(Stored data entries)
____
(* Let $\nu>0$ and let $U(x,t)=\sum_{i=0}^\infty\sum_{k=0}^\infty U_{i,k}x^it^k$ be a given formal power series. For every choice of complex numbers $A_{i,1,k}$ ($i,k\ge 0$) there exist unique formal power series \[u=\sum_{i\ge0}\sum_{j\ge1}\sum_{k\ge0}A_{i,j,k}x^iy^jt^k,\qquad v=\sum_{i\ge0}\sum_{j\ge1}\sum_{k\ge0}B_{i,j,k}x^iy^jt^k\] (so that $u=v=0$ at $y=0$) with the prescribed coefficients $A_{i,1,k}$, satisfying, as identities of formal power series in $x,y,t$, Prandtl's boundary layer equations \[ u\frac{\partial u}{\partial x}+v\frac{\partial u}{\partial y}+\frac{\partial u}{\partial t}=\frac{\partial U}{\partial t}+U\frac{\partial U}{\partial x}+\nu\frac{\partial^2u}{\partial y^2},\qquad \frac{\partial u}{\partial x}+\frac{\partial v}{\partial y}=0 . \] Moreover, for all $i,k\ge0$: $B_{i,1,k}=0$; \[A_{i,2,k}=-\frac{1}{2\nu}\Big(U_{i,k+1}(k+1)+\sum_{p=0}^{i}\sum_{q=0}^{k}(i-p+1)U_{p,q}U_{i-p+1,k-q}\Big);\qquad A_{i,3,k}=\frac{(k+1)A_{i,1,k+1}}{6\nu};\] $B_{i,j,k}=-\frac{i+1}{j}A_{i+1,j-1,k}$ for $j\ge2$; and for $j\ge4$, \[ A_{i,j,k}=\frac{1}{\nu j(j-1)}\Big(A_{i,j-2,k+1}(k+1)+\sum_{p=0}^{i}\sum_{q=1}^{j-3}\sum_{r=0}^{k}(i-p+1)A_{p,q,r}A_{i-p+1,j-2-q,k-r}-\sum_{p=0}^{i}\sum_{q=2}^{j-2}\sum_{r=0}^{k}\frac{(p+1)(j-1-q)}{q}A_{p+1,q-1,r}A_{i-p,j-1-q,k-r}\Big). \]
   Context: Here $u,v$ are the velocity components in a two-dimensional boundary layer along a wall $y=0$, $U(x,t)$ is the external (outer) flow velocity, and the pressure gradient has been eliminated using $-\frac1\rho\frac{\partial P}{\partial x}=\frac{\partial U}{\partial t}+U\frac{\partial U}{\partial x}$. In the paper, the free coefficients $A_{i,1,k}$ are intended to be fixed by matching $u$ to the external flow $U$ away from the wall. *)

From mathcomp Require Import all_boot all_algebra complex.
From mathcomp Require Import Rstruct.
Set Implicit Arguments. Unset Strict Implicit. Unset Printing Implicit Defensive.
Import GRing.Theory Num.Theory.
Local Open Scope ring_scope.
Local Open Scope complex_scope.

Notation Real := Rdefinitions.R.
Definition Cplx : numClosedFieldType := (Rdefinitions.R)[i].

(* A formal power series in x, y, t with complex coefficients, represented by
   its coefficient array: f i j k is the coefficient of x^i y^j t^k. *)
Definition fps3 := nat -> nat -> nat -> Cplx.
(* A formal power series in x, t: g i k is the coefficient of x^i t^k. *)
Definition fps2 := nat -> nat -> Cplx.

Definition lift_xt (g : fps2) : fps3 :=
  fun i j k => if j == 0%N then g i k else 0.

Definition dx (f : fps3) : fps3 := fun i j k => (i.+1)%:R * f i.+1 j k.
Definition dy (f : fps3) : fps3 := fun i j k => (j.+1)%:R * f i j.+1 k.
Definition dt (f : fps3) : fps3 := fun i j k => (k.+1)%:R * f i j k.+1.

Definition fmul (f g : fps3) : fps3 := fun i j k =>
  \sum_(a < i.+1) \sum_(b < j.+1) \sum_(c < k.+1)
     f a b c * g (i - a)%N (j - b)%N (k - c)%N.

Definition fadd (f g : fps3) : fps3 := fun i j k => f i j k + g i j k.
Definition fscale (c : Cplx) (f : fps3) : fps3 := fun i j k => c * f i j k.

Definition prandtl (nu : Real) (U : fps2) (u v : fps3) : Prop :=
  let UU := lift_xt U in
  (forall i j k,
     fadd (fadd (fmul u (dx u)) (fmul v (dy u))) (dt u) i j k
     = fadd (fadd (dt UU) (fmul UU (dx UU))) (fscale (nu%:C) (dy (dy u))) i j k)
  /\ (forall i j k, fadd (dx u) (dy v) i j k = 0).

Definition admissible (nu : Real) (U : fps2) (A1 : fps2) (u v : fps3) : Prop :=
  (forall i k, u i 0%N k = 0 /\ v i 0%N k = 0)
  /\ (forall i k, u i 1%N k = A1 i k)
  /\ prandtl nu U u v.

(* Every equation at a given power of y determines one new coefficient of u.
   Continuity forces v = -(int_0^y u_x), i.e. B_{i,j,k} = -(i+1)/j A_{i+1,j-1,k}.
   With v eliminated, the momentum equation at y^0 reads
   0 = U_t + U U_x + 2 nu A_{.,2,.}, and at y^(j-2), j >= 3, it reads
   (convection built from A_{.,q,.}, q < j) = nu j (j-1) A_{.,j,.}.
   Since nu j (j-1) != 0, the coefficients A_{.,j,.} are obtained by strong
   recursion on j from the prescribed A_{.,1,.}, and any solution must
   satisfy the same recursion, hence coincides with this one. *)
From mathcomp Require Import all_boot all_algebra complex.
From mathcomp Require Import Rstruct.
From mathcomp Require Import ring zify.
From Stdlib Require Import FunctionalExtensionality.
Import GRing.Theory Num.Theory.
Local Open Scope ring_scope.
Local Open Scope complex_scope.

Section CausalRecursion.
Variables (T : Type) (t0 : T) (F : (nat -> nat -> nat -> T) -> nat -> nat -> nat -> T).
Hypothesis F_causal : forall f g i j k,
  (forall i' j' k', (j' < j)%N -> f i' j' k' = g i' j' k') -> F f i j k = F g i j k.

Fixpoint picard n : nat -> nat -> nat -> T :=
  if n is n'.+1 then F (picard n') else fun _ _ _ => t0.

Lemma picard_stable i j k n m :
  (j < n)%N -> (j < m)%N -> picard n i j k = picard m i j k.
Proof.
elim/ltn_ind: j i k n m => j IH i k [|n] [|m] //= jn jm.
by apply: F_causal => i' j' k' j'j; apply: IH => //; lia.
Qed.

Definition causal_fix : nat -> nat -> nat -> T := fun i j k => picard j.+1 i j k.

Lemma causal_fixE i j k : causal_fix i j k = F causal_fix i j k.
Proof.
by apply: F_causal => i' j' k' j'j; apply: picard_stable => //; lia.
Qed.

Lemma causal_fix_unique f :
  (forall i j k, f i j k = F f i j k) -> f = causal_fix.
Proof.
move=> fE; apply: functional_extensionality => i.
apply: functional_extensionality => j; apply: functional_extensionality => k.
elim/ltn_ind: j i k => j IH i k.
by rewrite fE causal_fixE; apply: F_causal => i' j' k' /IH.
Qed.

End CausalRecursion.

Definition convection (u v : fps3) : fps3 :=
  fadd (fadd (fmul u (dx u)) (fmul v (dy u))) (dt u).

Definition forcing (nu : Real) (U : fps2) (u : fps3) : fps3 :=
  let UU := lift_xt U in
  fadd (fadd (dt UU) (fmul UU (dx UU))) (fscale (nu%:C) (dy (dy u))).

Definition transverse_velocity (u : fps3) : fps3 := fun i j k =>
  if (j <= 1)%N then 0 else - ((i.+1)%:R / j%:R) * u i.+1 (j - 1)%N k.

Definition pressure_gradient (U : fps2) i k : Cplx :=
  U i k.+1 * (k.+1)%:R
  + \sum_(p < i.+1) \sum_(q < k.+1)
      (i - p + 1)%N%:R * U p q * U (i - p + 1)%N (k - q)%N.

(* The coefficient of y^(j-2) in u u_x + v u_y + u_t once v is eliminated. *)
Definition reduced_convection (u : fps3) i j k : Cplx :=
  u i (j - 2)%N k.+1 * (k.+1)%:R
  + \sum_(p < i.+1) \sum_(1 <= q < j - 2) \sum_(r < k.+1)
      (i - p + 1)%N%:R * u p q r * u (i - p + 1)%N (j - 2 - q)%N (k - r)%N
  - \sum_(p < i.+1) \sum_(2 <= q < j - 1) \sum_(r < k.+1)
      ((p.+1)%:R * (j - 1 - q)%N%:R / q%:R)
        * u p.+1 (q - 1)%N r * u (i - p)%N (j - 1 - q)%N (k - r)%N.

Definition coef_rule (nu : Real) (U A1 : fps2) (u : fps3) i j k : Cplx :=
  match j with
  | 0 => 0
  | 1 => A1 i k
  | 2 => - (2%:R * nu%:C)^-1 * pressure_gradient U i k
  | _.+3 => (nu%:C * j%:R * (j - 1)%N%:R)^-1 * reduced_convection u i j k
  end.

Lemma coef_rule_causal nu U A1 u w i j k :
  (forall i' j' k', (j' < j)%N -> u i' j' k' = w i' j' k') ->
  coef_rule nu U A1 u i j k = coef_rule nu U A1 w i j k.
Proof.
case: j => [|[|[|n]]] uw //=; rewrite /reduced_convection.
congr (_ * (_ + _ - _)); first by rewrite uw //; lia.
all: apply: eq_bigr => p _; apply: eq_big_nat => q /andP[q1 q2].
all: by apply: eq_bigr => r _; rewrite !uw //; lia.
Qed.

Lemma fmul_dx_succ (u : fps3) i n k : (forall i k, u i 0%N k = 0) ->
  fmul u (dx u) i n.+1 k =
  \sum_(p < i.+1) \sum_(1 <= q < n.+1) \sum_(r < k.+1)
      (i - p + 1)%N%:R * u p q r * u (i - p + 1)%N (n.+1 - q)%N (k - r)%N.
Proof.
move=> u0; apply: eq_bigr => a _.
rewrite big_ord_recl big1 ?add0r; last by move=> c _; rewrite u0 mul0r.
rewrite big_ord_recr /= [X in _ + X = _]big1 ?addr0; last first.
  by move=> c _; rewrite /dx /bump /= add1n subnn u0 !mulr0.
rewrite big_add1 big_mkord /=; apply: eq_bigr => b _; apply: eq_bigr => c _.
rewrite /dx /bump /= add1n addn1; ring.
Qed.

Lemma fmul_transverse_dy_succ (u : fps3) i n k :
  fmul (transverse_velocity u) (dy u) i n.+1 k =
  - \sum_(p < i.+1) \sum_(2 <= q < n.+2) \sum_(r < k.+1)
      ((p.+1)%:R * (n.+2 - q)%N%:R / q%:R)
        * u p.+1 (q - 1)%N r * u (i - p)%N (n.+2 - q)%N (k - r)%N.
Proof.
rewrite /fmul -sumrN; apply: eq_bigr => a _.
rewrite big_ord_recl big1 ?add0r; last by move=> c _; rewrite mul0r.
rewrite big_ord_recl big1 ?add0r; last by move=> c _; rewrite mul0r.
rewrite big_add1 big_add1 big_mkord /= -sumrN; apply: eq_bigr => b _.
rewrite -sumrN; apply: eq_bigr => c _.
rewrite /transverse_velocity /dy /bump /= !add1n subn1.
have -> : ((n.+1 - b.+2).+1 = n.+2 - b.+2)%N by have := ltn_ord b; lia.
ring.
Qed.

Lemma convection0 (u : fps3) i k : (forall i k, u i 0%N k = 0) ->
  convection u (transverse_velocity u) i 0 k = 0.
Proof.
move=> u0; rewrite /convection /fadd /fmul /dt u0 mulr0 addr0.
rewrite !big1 ?addr0 // => a _; rewrite big_ord1 big1 // => c _.
  by rewrite /transverse_velocity mul0r.
by rewrite u0 mul0r.
Qed.

Lemma convection_succ (u : fps3) i n k : (forall i k, u i 0%N k = 0) ->
  convection u (transverse_velocity u) i n.+1 k = reduced_convection u i n.+3 k.
Proof.
move=> u0; rewrite /convection /fadd fmul_dx_succ // fmul_transverse_dy_succ.
rewrite /reduced_convection /dt.
have -> : (n.+3 - 2 = n.+1)%N by lia.
have -> : (n.+3 - 1 = n.+2)%N by lia.
ring.
Qed.

Lemma forcing0 nu U (u : fps3) i k :
  forcing nu U u i 0 k = pressure_gradient U i k + nu%:C * 2%:R * u i 2 k.
Proof.
rewrite /forcing /fadd /fscale /dt /dy /fmul /pressure_gradient /lift_xt /=.
congr (_ + _ + _); first by rewrite mulrC.
  apply: eq_bigr => a _; rewrite big_ord1 /=; apply: eq_bigr => c _.
  by rewrite /dx /= addn1; ring.
ring.
Qed.

Lemma forcing_succ nu U (u : fps3) i n k :
  forcing nu U u i n.+1 k = nu%:C * (n.+3%:R * n.+2%:R) * u i n.+3 k.
Proof.
rewrite /forcing /fadd /fscale /dt /dy /fmul /lift_xt /= mulr0 add0r big1 ?add0r.
  by ring.
move=> a _; apply: big1 => b _; apply: big1 => c _.
by case: eqP => [->|_]; rewrite ?mul0r // /dx /= !mulr0.
Qed.

Lemma continuity_transverse (u : fps3) i j k : (forall i k, u i 0%N k = 0) ->
  fadd (dx u) (dy (transverse_velocity u)) i j k = 0.
Proof.
move=> u0; rewrite /fadd /dx /dy /transverse_velocity /=.
case: j => [|j] /=; first by rewrite u0 !mulr0 addr0.
rewrite subn1 /=; field; rewrite -?natrD ?pnatr_eq0 //.
Qed.

Lemma continuity_transverseE (u v : fps3) :
  (forall i k, v i 0%N k = 0) ->
  (forall i j k, fadd (dx u) (dy v) i j k = 0) -> (forall i k, u i 0%N k = 0) ->
  v = transverse_velocity u.
Proof.
move=> v0 cont u0; apply: functional_extensionality => i.
apply: functional_extensionality => j; apply: functional_extensionality => k.
move: (cont i j.-1 k); rewrite /fadd /dx /dy /transverse_velocity.
case: j => [|[|j]] /=; first by rewrite v0.
  by rewrite u0 mulr0 add0r mul1r.
rewrite subn1 /= => /eqP; rewrite addrC addr_eq0 => /eqP vE.
have jn0 : j.+2%:R != 0 :> Cplx by rewrite pnatr_eq0.
by rewrite -[v i j.+2 k](mulKf jn0) vE; ring.
Qed.

Lemma nuC_neq0 (nu : Real) : 0 < nu -> nu%:C != 0 :> Cplx.
Proof. by move=> nu_gt0; apply: lt0r_neq0; rewrite ltcR. Qed.

Section Admissible.
Variables (nu : Real) (U A1 : fps2).
Hypothesis nu_gt0 : 0 < nu.

Lemma admissibleP (u v : fps3) :
  admissible nu U A1 u v <->
  v = transverse_velocity u /\ forall i j k, u i j k = coef_rule nu U A1 u i j k.
Proof.
have nu0 := nuC_neq0 nu nu_gt0.
split.
  move=> [uv0 [u1 [mom cont]]].
  have u0 i k : u i 0%N k = 0 by case: (uv0 i k).
  have vE := @continuity_transverseE u v (fun i k => proj2 (uv0 i k)) cont u0.
  split => // i [|[|[|n]]] k //=.
  - have := mom i 0%N k; rewrite -/(convection u v) -/(forcing nu U u) vE.
    rewrite convection0 // forcing0 => /eqP; rewrite eq_sym addr_eq0 => /eqP uE.
    have c0 : nu%:C * 2%:R != 0 :> Cplx by rewrite mulf_neq0 ?pnatr_eq0.
    by rewrite -[u i 2%N k](mulKf c0) uE; field.
  - have := mom i n.+1 k; rewrite -/(convection u v) -/(forcing nu U u) vE.
    rewrite convection_succ // forcing_succ => ->.
    by rewrite [(n.+3 - 1)%N]/= mulrA mulKf // !mulf_neq0 // pnatr_eq0.
move=> [-> uE]; have u0 i k : u i 0%N k = 0 by rewrite uE.
split=> //; split; first by move=> i k; rewrite uE.
split; last by move=> i j k; apply: continuity_transverse.
move=> i [|n] k; rewrite -/(convection u _) -/(forcing nu U u).
  rewrite convection0 // forcing0 uE /=; field.
  by rewrite nu0 -?natrD ?pnatr_eq0.
rewrite convection_succ // forcing_succ [u i n.+3 k]uE /= subn1 /=; field.
by rewrite nu0 -?natrD ?pnatr_eq0.
Qed.

End Admissible.

Theorem mainTheorem2 (nu : Real) (hnu : 0 < nu) (U : fps2) (A1 : fps2) :
  exists (A B : fps3),
    admissible nu U A1 A B
    /\ (forall A' B' : fps3, admissible nu U A1 A' B' -> A' = A /\ B' = B)
    /\ (forall i k, B i 1%N k = 0)
    /\ (forall i k,
          A i 2%N k =
            - (2%:R * nu%:C)^-1 *
              (U i k.+1 * (k.+1)%:R
               + \sum_(p < i.+1) \sum_(q < k.+1)
                   (i - p + 1)%N%:R * U p q * U (i - p + 1)%N (k - q)%N))
    /\ (forall i k, A i 3%N k = (k.+1)%:R * A i 1%N k.+1 / (6%:R * nu%:C))
    /\ (forall i j k, (2 <= j)%N ->
          B i j k = - ((i.+1)%:R / j%:R) * A i.+1 (j - 1)%N k)
    /\ (forall i j k, (4 <= j)%N ->
          A i j k =
            (nu%:C * j%:R * (j - 1)%N%:R)^-1 *
            (A i (j - 2)%N k.+1 * (k.+1)%:R
             + \sum_(p < i.+1) \sum_(1 <= q < j - 2) \sum_(r < k.+1)
                 (i - p + 1)%N%:R * A p q r * A (i - p + 1)%N (j - 2 - q)%N (k - r)%N
             - \sum_(p < i.+1) \sum_(2 <= q < j - 1) \sum_(r < k.+1)
                 ((p.+1)%:R * (j - 1 - q)%N%:R / q%:R)
                   * A p.+1 (q - 1)%N r * A (i - p)%N (j - 1 - q)%N (k - r)%N)).
Proof.
pose A := @causal_fix _ 0 (coef_rule nu U A1).
have AE i j k : A i j k = coef_rule nu U A1 A i j k.
  exact: (causal_fixE _ 0 _ (@coef_rule_causal nu U A1) i j k).
exists A, (transverse_velocity A).
split; first exact/(admissibleP _ _ _ hnu).
split.
  move=> A' B' /(admissibleP _ _ _ hnu) [-> A'E].
  by rewrite (causal_fix_unique _ 0 _ (@coef_rule_causal nu U A1) _ A'E).
split; first by [].
split; first by move=> i k; rewrite AE.
split.
  move=> i k; rewrite AE /= /reduced_convection !big1 => [|p _|p _]; rewrite ?big_geq //.
  rewrite (_ : (3 - 1 = 2)%N) // (_ : (3 - 2 = 1)%N) // addr0 subr0.
  by field; rewrite nuC_neq0 // -?natrD ?pnatr_eq0.
split; first by move=> i [|[|j]] k.
by move=> i [|[|[|[|n]]]] k // _; rewrite AE.
Qed.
____
TASK | The lines of the records that contain the string "have" should be located and copied.

EXERCISE OUTPUT |
have -> : ((n.+1 - b.+2).+1 = n.+2 - b.+2)%N by have := ltn_ord b; lia.
have -> : (n.+3 - 2 = n.+1)%N by lia.
have -> : (n.+3 - 1 = n.+2)%N by lia.
have jn0 : j.+2%:R != 0 :> Cplx by rewrite pnatr_eq0.
have nu0 := nuC_neq0 nu nu_gt0.
  have u0 i k : u i 0%N k = 0 by case: (uv0 i k).
  have vE := @continuity_transverseE u v (fun i k => proj2 (uv0 i k)) cont u0.
  - have := mom i 0%N k; rewrite -/(convection u v) -/(forcing nu U u) vE.
    have c0 : nu%:C * 2%:R != 0 :> Cplx by rewrite mulf_neq0 ?pnatr_eq0.
  - have := mom i n.+1 k; rewrite -/(convection u v) -/(forcing nu U u) vE.
move=> [-> uE]; have u0 i k : u i 0%N k = 0 by rewrite uE.
have AE i j k : A i j k = coef_rule nu U A1 A i j k.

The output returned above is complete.